Le Synaco et la Nouvelle Opaco contestent le relèvement de l’acompte sur impôt à l’importation, et dénoncent une mesure sans concertation et susceptible d’accentuer les difficultés des entreprises et la vie chère.
Le Sydicat national des commerçants (Synaco) et la Nouvelle Opaco (Organisatio patronale des Comores) contestent la nouvelle mesure portant sur l’Acompte sur impôt (AI) à l’importation, entrée en vigueur le 1er septembre 2026. Elles dénoncent notamment le relèvement du taux de 1 % à 10 %, l’absence de concertation avec le secteur privé et le risque d’une répercussion sur les prix à la consommation.
Les deux organisations ont convié la presse, le samedi 12 septembre dernier au restaurant Le Select, pour exposer leurs préoccupations. Le président du Synaco, Abdou Boina, a vivement contesté la décision du ministère des Finances. «Nous sommes surpris de voir que le gouvernement a pris la décision d’augmenter de 10 % les taxes douanières sans aucune consultation», a-t-il déclaré. Le responsable syndical a affirmé que les opérateurs économiques n’entendent pas accepter cette décision. «Nous n’acceptons pas et nous n’accepterons pas la décision d’augmentation de 10 % des taxes. Nous espérons que le ministre des Finances, le directeur général des Douanes et le directeur général des Impôts nous inviteront très bientôt pour parler de cette décision», a-t-il insisté.

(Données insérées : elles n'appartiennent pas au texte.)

Lemma other_site_rates x : In x (sites L) -> x <> (zi, zj) -> x <> y ->
  rate L h beta s (flip_plus s x) <= cost_bound x /\
  rate L h beta s (flip_minus s x) <= cost_bound x.
Proof.
  intros Hx Hz Hy. pose proof (two_valued_nbrs x Hx) as Hval.
  destruct x as [i j]. pose proof Hx as Hij. apply in_sites in Hij as [Hi Hj].
  pose proof (n_zero_nbrs_le4 L s (i, j)).
  destruct (spin_values _ Hx) as [S|S].
  - destruct (zero_site_zero_nbrs i j Hi Hj Hz S) as (K2 & Kc & Kb).
    destruct (flip_energy_zero_spin L h s (i, j) ltac:(lia) Hx Hval S) as [Dp Dm].
    assert (n_zero_nbrs L s (i, j) = 2 \/ n_zero_nbrs L s (i, j) = 3 \/
            n_zero_nbrs L s (i, j) = 4)%nat
      as [K|[K|K]] by lia; rewrite K in Dp, Dm; simpl INR in Dp, Dm;
      split; apply rate_le_cost_bound; rewrite ?Dp, ?Dm.
    + left; lra.
    + right; right. split; [lra|]. apply In_corner_sites, Kc; assumption.
    + left; lra.
    + right; left. split; [lra|]. apply In_band_sites, Kb; [assumption..|lia].
    + left; lra.
    + left; lra.
  - destruct (minus_site_zero_nbrs i j Hi Hj Hz Hy S) as [K1 Kb].
    destruct (flip_energy_minus_spin L h s (i, j) ltac:(lia) Hx Hval S) as [Dp Dm].
    assert (n_zero_nbrs L s (i, j) = 0 \/ n_zero_nbrs L s (i, j) = 1)%nat
      as [K|K] by lia; pose proof (Kb) as Kb'; rewrite K in Dp, Dm, Kb'; simpl INR in Dp, Dm;
      split; apply rate_le_cost_bound; rewrite ?Dp, ?Dm.
    + left; lra.
    + left; lra.
    + right; left. split; [lra|]. apply In_band_sites, Kb'; [assumption..|reflexivity].
    + left; lra.
Qed.

Lemma z_rates :
  rate L h beta s (flip_minus s (zi, zj)) = 1 /\
  rate L h beta s (flip_plus s (zi, zj)) <= exp (- (4 - h) * beta).
Proof.
  pose proof (two_valued_nbrs _ z_in_sites) as Hval. split.
  - apply rate_empty_lonely; auto using z_spin, z_zero_nbrs, z_in_sites; [lia|split; lra].
  - destruct (flip_energy_zero_spin L h s _ ltac:(lia) z_in_sites Hval z_spin) as [Dp _].
    apply rate_le_exp; [lra|]. rewrite Dp.
    pose proof (le_INR _ _ z_zero_nbrs). simpl INR in *. lra.
Qed.

Lemma notch_rates :
  rate L h beta s (flip_plus s y) = 1 /\
  rate L h beta s (flip_minus s y) <= exp (- (4 - h) * beta).
Proof.
  pose proof (two_valued_nbrs _ notch_in_sites) as Hval. split.
  - apply rate_fill_two_zero_nbrs;
      auto using notch_spin, notch_zero_nbrs, notch_in_sites; [lia|split; lra].
  - destruct (flip_energy_minus_spin L h s _ ltac:(lia) notch_in_sites Hval notch_spin) as [_ Dm].
    apply rate_le_exp; [lra|]. rewrite Dm, notch_zero_nbrs. simpl INR. lra.
Qed.

Let site_rate (x : site) : R := rate L h beta s (flip_plus s x) + rate L h beta s (flip_minus s x).

Lemma site_rate_bounds x : In x (sites L) ->
  multiplicity [(zi, zj); y] x <= site_rate x <= multiplicity [(zi, zj); y] x + 2 * cost_bound x.
Proof.
  intros Hx. unfold site_rate, multiplicity. rewrite !lsum_cons, lsum_nil. unfold kron.
  pose proof (rate_pos L h beta s (flip_plus s x)).
  pose proof (rate_pos L h beta s (flip_minus s x)).
  pose proof (cost_bound_ge x). pose proof (exp_pos (- (4 - h) * beta)).
  destruct (site_eqb_spec x (zi, zj)) as [->|Hz]; [|destruct (site_eqb_spec x y) as [->|Hy]].
  - destruct (site_eqb_spec (zi, zj) y) as [E|_]; [now destruct notch_ne_z|].
    destruct z_rates. lra.
  - destruct notch_rates. lra.
  - destruct (other_site_rates x Hx Hz Hy). lra.
Qed.

Lemma hold_rate_bounds :
  2 <= hold_rate L h beta s <=
  2 + (2 * INR L * INR L * exp (- (4 - h) * beta) + 24 * INR L * exp (- (2 - h) * beta)
       + 8 * exp (- h * beta)).
Proof.
  assert (Hzy : incl [(zi, zj); y] (sites L))
    by (intros w [<-|[<-|[]]]; auto using z_in_sites, notch_in_sites).
  unfold hold_rate. fold site_rate. split.
  - eapply Rle_trans;
      [|apply (sumL_le L (multiplicity [(zi, zj); y])); intros x Hx; apply (site_rate_bounds x Hx)].
    rewrite (sumL_multiplicity L _ Hzy). cbn. lra.
  - eapply Rle_trans; [apply sumL_le; intros x Hx; apply (site_rate_bounds x Hx)|].
    unfold cost_bound.
    rewrite (sumL_ext L _ (fun x => multiplicity [(zi, zj); y] x + (2 * exp (- (4 - h) * beta)
      + ((2 * exp (- (2 - h) * beta)) * multiplicity band x + (2 * exp (- h * beta)) * multiplicity corners x))))
      by (intros; ring).
    unfold band, corners.
    rewrite !sumL_plus, !sumL_scal, sumL_const, (sumL_multiplicity L _ Hzy),
      (sumL_multiplicity L _ (band_sites_incl L a b l1 l2 Ha Hb)),
      (sumL_multiplicity L _ (corner_sites_incl L a b l1 l2 Ha Hb)).
    rewrite length_band_sites, length_corner_sites, mult_INR.
    cbn [length INR]. lra.
Qed.

End RectangleWithProtuberance.

Open Scope R_scope.

Lemma n0_ge2 h : 0 < h < 1 -> (2 <= n0 h)%nat.
Proof.
  intros Hh. unfold n0, Int_part. destruct (archimed (2 / h)) as [Hup _].
  assert (2 < 2 / h).
  { apply Rmult_lt_reg_r with h; [lra|]. unfold Rdiv. rewrite Rmult_assoc, Rinv_l by lra. lra. }
  assert (Hgt : (2 < up (2 / h))%Z) by (apply lt_IZR; lra). lia.
Qed.

Lemma notch_of_corner_nbr L a b l1 l2 zi zj c :
  (a < L)%nat -> (b < L)%nat -> (2 <= l1)%nat -> (2 <= l2)%nat ->
  (l1 + 3 <= L)%nat -> (l2 + 3 <= L)%nat -> (zi < L)%nat -> (zj < L)%nat ->
  ~ inRect L a b l1 l2 (zi, zj) -> isCorner L a b l1 l2 c -> adj L (zi, zj) c ->
  exists yu yv, notch L l1 l2 (rel L a zi) (rel L b zj) yu yv.
Proof.
  intros Ha Hb Hl1 Hl2 HL1 HL2 Hzi Hzj Hout (i & j & Hi & Hj & ->) Hadj.
  apply (notch_exists L l1 l2 Hl1 Hl2 HL1 HL2 _ _ i j); try (apply rel_lt; lia).
  - rewrite <- inRect_rel by lia. exact Hout.
  - unfold is_rect_corner; cbn [In]. lia.
  - unfold adj in Hadj. rewrite nbrs_eq in Hadj by assumption.
    fold (translate L a i) (translate L b j) in Hadj.
    rewrite <- (rel_translate L a Ha i), <- (rel_translate L b Hb j) by lia.
    unfold is_nbr. cbn [In] in Hadj.
    destruct Hadj as [E|[E|[E|[E|[]]]]]; injection E as <- <-;
      rewrite ?rel_tsucc, ?rel_tpred by assumption; tauto.
Qed.

Lemma jump_prob_near_half L h beta s s' E :
  rate L h beta s s' = 1 -> 2 <= hold_rate L h beta s <= 2 + E ->
  Rabs (jump_prob L h beta s s' - 1 / 2) <= E / 4.
Proof.
  intros Hr [Hlo Hhi]. unfold jump_prob. rewrite Hr.
  set (H := hold_rate L h beta s) in *.
  assert (Hq : 1 / H * H = 1) by (field; lra).
  assert (0 < 1 / H) by (apply Rdiv_lt_0_compat; lra).
  apply Rabs_le. split; nra.
Qed.

Lemma delta1_eq L h beta :
  delta1 L h beta = exp (- h * beta) + INR L * exp (- (2 - h) * beta)
                    + INR L * INR L * exp (- (4 - h) * beta).
Proof. unfold delta1. now rewrite mult_INR, sqrt_square by apply pos_INR. Qed.

Lemma update_zero_flip_minus s x : s x = 0%Z -> update s x (-1) = flip_minus s x.
Proof. intros Hs. unfold flip_minus. now rewrite Hs. Qed.

Lemma update_minus_flip_plus s x : s x = (-1)%Z -> update s x 0 = flip_plus s x.
Proof. intros Hs. unfold flip_plus. now rewrite Hs. Qed.
Lemma vshaped_peel f l w : vshaped f l -> perm_eq l w ->
  sorted (fun x y => f y < f x) w -> peel l w.
Proof.
elim: w l => [|x w IHw] l V plw sw; first by move/perm_nilP: plw ->; constructor.
have lt_x : all (fun y => f y < f x) w.
  by apply: order_path_min sw => a b c h1 h2; apply: ltn_trans h2 h1.
have le_x : {in l, forall y, f y <= f x}.
  move=> y; rewrite (perm_mem plw) inE => /predU1P[-> //|yw].
  by apply: ltnW; apply: (allP lt_x).
have xl : x \in l by rewrite (perm_mem plw) mem_head.
have sw' := path_sorted sw.
have [l0 [El|El]] := vshaped_max_end V xl le_x; rewrite El in V plw *; constructor.
  by apply: IHw (vshaped_subseq (subseq_cons l0 x) V) _ sw'; rewrite -(perm_cons x).
apply: IHw (vshaped_subseq (subseq_rcons l0 x) V) _ sw'.
by rewrite -(perm_cons x) -(perm_rcons x l0).
Qed.

End VShaped.

Lemma sorted_enum_ord n : sorted (fun i j : 'I_n => i < j) (enum 'I_n).
Proof. by have := iota_ltn_sorted 0 n; rewrite -val_enum_ord sorted_map. Qed.

Lemma ltn_ord_trans n : transitive (fun i j : 'I_n => i < j).
Proof. by move=> ? ? ? /ltn_trans; apply. Qed.

Lemma subseq_enum_ord n (s : seq 'I_n) :
  sorted (fun i j : 'I_n => i < j) s -> subseq s (enum 'I_n).
Proof.
move=> ss; apply/subseq_uniqP; first exact: enum_uniq.
apply: (irr_sorted_eq (@ltn_ord_trans n)) => //.
- by move=> i; rewrite ltnn.
- by apply: sorted_filter; [apply: ltn_ord_trans | apply: sorted_enum_ord].
- by move=> i; rewrite mem_filter mem_enum andbT.
Qed.

Lemma in_T_vshaped n (sigma : {perm 'I_n.+1}) :
  in_T sigma <-> vshaped (fun i => sigma i : nat) (enum 'I_n.+1).
Proof.
split.
  case=> t [_ dec inc] i j k.
  move/(subseq_sorted (@ltn_ord_trans _))/(_ (sorted_enum_ord _)).
  case/and3P=> lt_ij lt_jk _.
  rewrite leq_max; case: (leqP j t) => [le_jt|/ltnW le_tj].
    by rewrite dec.
  by rewrite (inc j k) ?orbT.
move=> V; set t := (sigma^-1)%g ord0.
have sigma_t : sigma t = 0 :> nat by rewrite /t permKV.
have pos i : i != t -> 0 < sigma i.
  move=> nit; rewrite lt0n; apply: contra nit => /eqP s0.
  by apply/eqP/(@perm_inj _ sigma)/val_inj; rewrite /= s0 sigma_t.
have V3 (i j k : 'I_n.+1) : i < j -> j < k -> sigma j < maxn (sigma i) (sigma k).
  by move=> lt_ij lt_jk; apply/V/subseq_enum_ord; rewrite /= lt_ij lt_jk.
exists t; split=> // i j.
  move=> lt_ij; case: (eqVneq j t) => [Ejt _|njt le_jt].
    by rewrite Ejt sigma_t pos //; apply: contraTneq lt_ij => ->; rewrite Ejt ltnn.
  have lt_jt : j < t by rewrite ltn_neqAle le_jt andbT; exact: njt.
  by have := V3 _ _ _ lt_ij lt_jt; rewrite sigma_t maxn0.
move=> le_ti; case: (eqVneq i t) => [Eit lt_ij|nit lt_ij].
  by rewrite Eit sigma_t pos //; apply: contraTneq lt_ij => ->; rewrite Eit ltnn.
have lt_ti : t < i by rewrite ltn_neqAle le_ti andbT eq_sym; exact: nit.
by have := V3 _ _ _ lt_ti lt_ij; rewrite sigma_t max0n.
Qed.

Lemma codom_act_seq n (S : Type) (sigma : {perm 'I_n}) (s : 'I_n -> S) :
  codom (act_seq sigma s) = map s (map (sigma^-1)%g (enum 'I_n)).
Proof. by rewrite -map_comp codomE. Qed.

Lemma codom_rev_seq n (S : Type) (s : 'I_n -> S) : codom (rev_seq s) = rev (codom s).
Proof.
case: n s => [|n] s; first by rewrite !codomE enum_ord0.
apply: (@eq_from_nth _ (s ord0)) => [|i]; rewrite ?size_rev !size_codom //.
rewrite card_ord => lt_i.
rewrite nth_rev ?size_codom ?card_ord // !codomE.
rewrite !(nth_map ord0) -?enumT ?size_enum_ord ?subSS ?ltnS ?leq_subr //.
by rewrite /rev_seq; congr s; apply: val_inj; rewrite /= !nth_enum_ord //; lia.
Qed.

Lemma codom_inj n (S : Type) (s s' : 'I_n -> S) : codom s = codom s' -> s = s'.
Proof.
rewrite !codomE => /eq_in_map Es; apply: functional_extensionality => i.
by apply: Es; rewrite mem_enum.
Qed.

Lemma peel_codom_act n (S : Type) (sigma : {perm 'I_n.+1}) (s : 'I_n.+1 -> S) :
  in_T sigma -> peel (codom s) (rev (codom (act_seq sigma s))).
Proof.
move/in_T_vshaped=> V; rewrite codom_act_seq codomE -map_rev; apply: peel_map.
apply: vshaped_peel V _ _.
  rewrite perm_sym perm_rev; apply: uniq_perm.
  - by rewrite map_inj_uniq ?enum_uniq //; apply: perm_inj.
  - exact: enum_uniq.
  - move=> i; rewrite mem_enum; apply/mapP.
    by exists (sigma i); rewrite ?mem_enum ?permK.
rewrite rev_sorted sorted_map; apply: sub_sorted (sorted_enum_ord _) => i j.
by rewrite /= !permKV.
Qed.

Lemma peel_codom_inv n (S : Type) (s : 'I_n.+1 -> S) W : peel (codom s) W ->
  exists2 sigma, in_T sigma & W = rev (codom (act_seq sigma s)).
Proof.
rewrite codomE => /peel_map_inv[w pw ->]; have pew := peel_perm pw.
have uniq_r : uniq (rev w) by rewrite rev_uniq -(perm_uniq pew) enum_uniq.
have size_r : size (rev w) = n.+1 by rewrite size_rev -(perm_size pew) size_enum_ord.
have nth_inj : injective (fun j : 'I_n.+1 => nth ord0 (rev w) j).
  by move=> i j /eqP; rewrite nth_uniq ?size_r // => /eqP/val_inj.
pose pi := perm nth_inj; exists (pi^-1)%g.
  apply/in_T_vshaped/(vshaped_eq_in _ (peel_vshaped (enum_uniq _) pw)) => i _.
  have E : nth ord0 (rev w) ((pi^-1)%g i) = i by have := permKV pi i; rewrite permE.
  by rewrite -{1}E index_uniq ?size_r.
rewrite codom_act_seq invgK.
have -> : map pi (enum 'I_n.+1) = rev w.
  rewrite -[RHS](mkseq_nth ord0) size_r /mkseq -val_enum_ord -map_comp.
  by apply: eq_map => j; rewrite /= permE.
by rewrite -map_rev revK.
Qed.

Lemma mirrored_peel_eqv n (S : Type) (s s' : 'I_n.+1 -> S) :
  mirrored s s' -> peel_eqv (codom s) (codom s').
Proof.
case=> ss' s's w; split.
  case/peel_codom_inv=> sigma Tsigma ->; have [sigma' [Tsigma' ->]] := ss' _ Tsigma.
  exact: peel_codom_act.
case/peel_codom_inv=> tau Ttau ->; have [tau' [Ttau' ->]] := s's _ Ttau.
exact: peel_codom_act.
Qed.

Theorem mainTheorem17 (S : finType) (hS : #|S| = 2) (m : nat)
  (s s' : 'I_m -> S) :
  mirrored s s' -> s = s' \/ s = rev_seq s'.
Proof.
case: m s s' => [|n] s s' Hm; first by left; apply: functional_extensionality => -[].
have [E|E] := peel_eqv_rev (mirrored_peel_eqv Hm); [left|right]; apply: codom_inj => //.
by rewrite codom_rev_seq.
Qed.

De son côté, le représentant de la Nouvelle Opaco, Hamidou Mhoma, a expliqué : «L’Acompte sur impôt, cette taxe, nous payons généralement 1 % sur la valeur Caf de la marchandise. Maintenant, c’est 10 % de la valeur.» Selon l’analyse présentée par le patron de Graphica, le nouveau dispositif crée une différence de traitement entre les catégories d’entreprises. Les importateurs enregistrés auprès de la Direction des grandes et moyennes entreprises (Dgme) bénéficieraient d’un taux de 0 %, tandis que les entreprises qui n’en relèvent pas, notamment les très petites entreprises (TPE) assujetties à la taxe professionnelle unique (TPU), seraient soumises à un taux de 10 %.
Pour Hamidou Mhoma, cette distinction pourrait instaurer une concurrence déséquilibrée entre des entreprises pourtant régulièrement déclarées. «Le problème du nouveau tarif, c’est qu’il pénalise des entreprises formelles qui travaillent déjà dans le respect de leurs obligations fiscales», estime-t-il. Le représentant de l’Opaco redoute également une répercussion du surcoût sur les consommateurs. Selon lui, l’augmentation de l’acompte sur impôt pourrait accentuer la pression sur les prix et contribuer à aggraver la vie chère.
Risque sur les importations
Le patronat s’inquiète par ailleurs de la conjoncture des importations. Une étude de l’Observatoire de la Chambre de commerce fait état d’une baisse de près de 9 % des importations de certains produits de première nécessité au premier semestre. Pour les organisations patronales, une hausse de la fiscalité à l’importation pourrait accentuer cette tendance et, à terme, réduire les recettes douanières attendues.
Synaco et Nouvelle Opaco regrettent enfin l’absence de concertation préalable avec les opérateurs économiques. Ils rappellent qu’une convention destinée à encadrer les relations entre la douane et le secteur privé avait été signée en août 2023.Face à cette situation, le secteur privé demande la suspension de la nouvelle mesure afin d’ouvrir un dialogue avec les autorités. Il préconise également une révision des seuils de chiffre d’affaires servant à catégoriser les entreprises et un ciblage plus précis des acteurs totalement informels.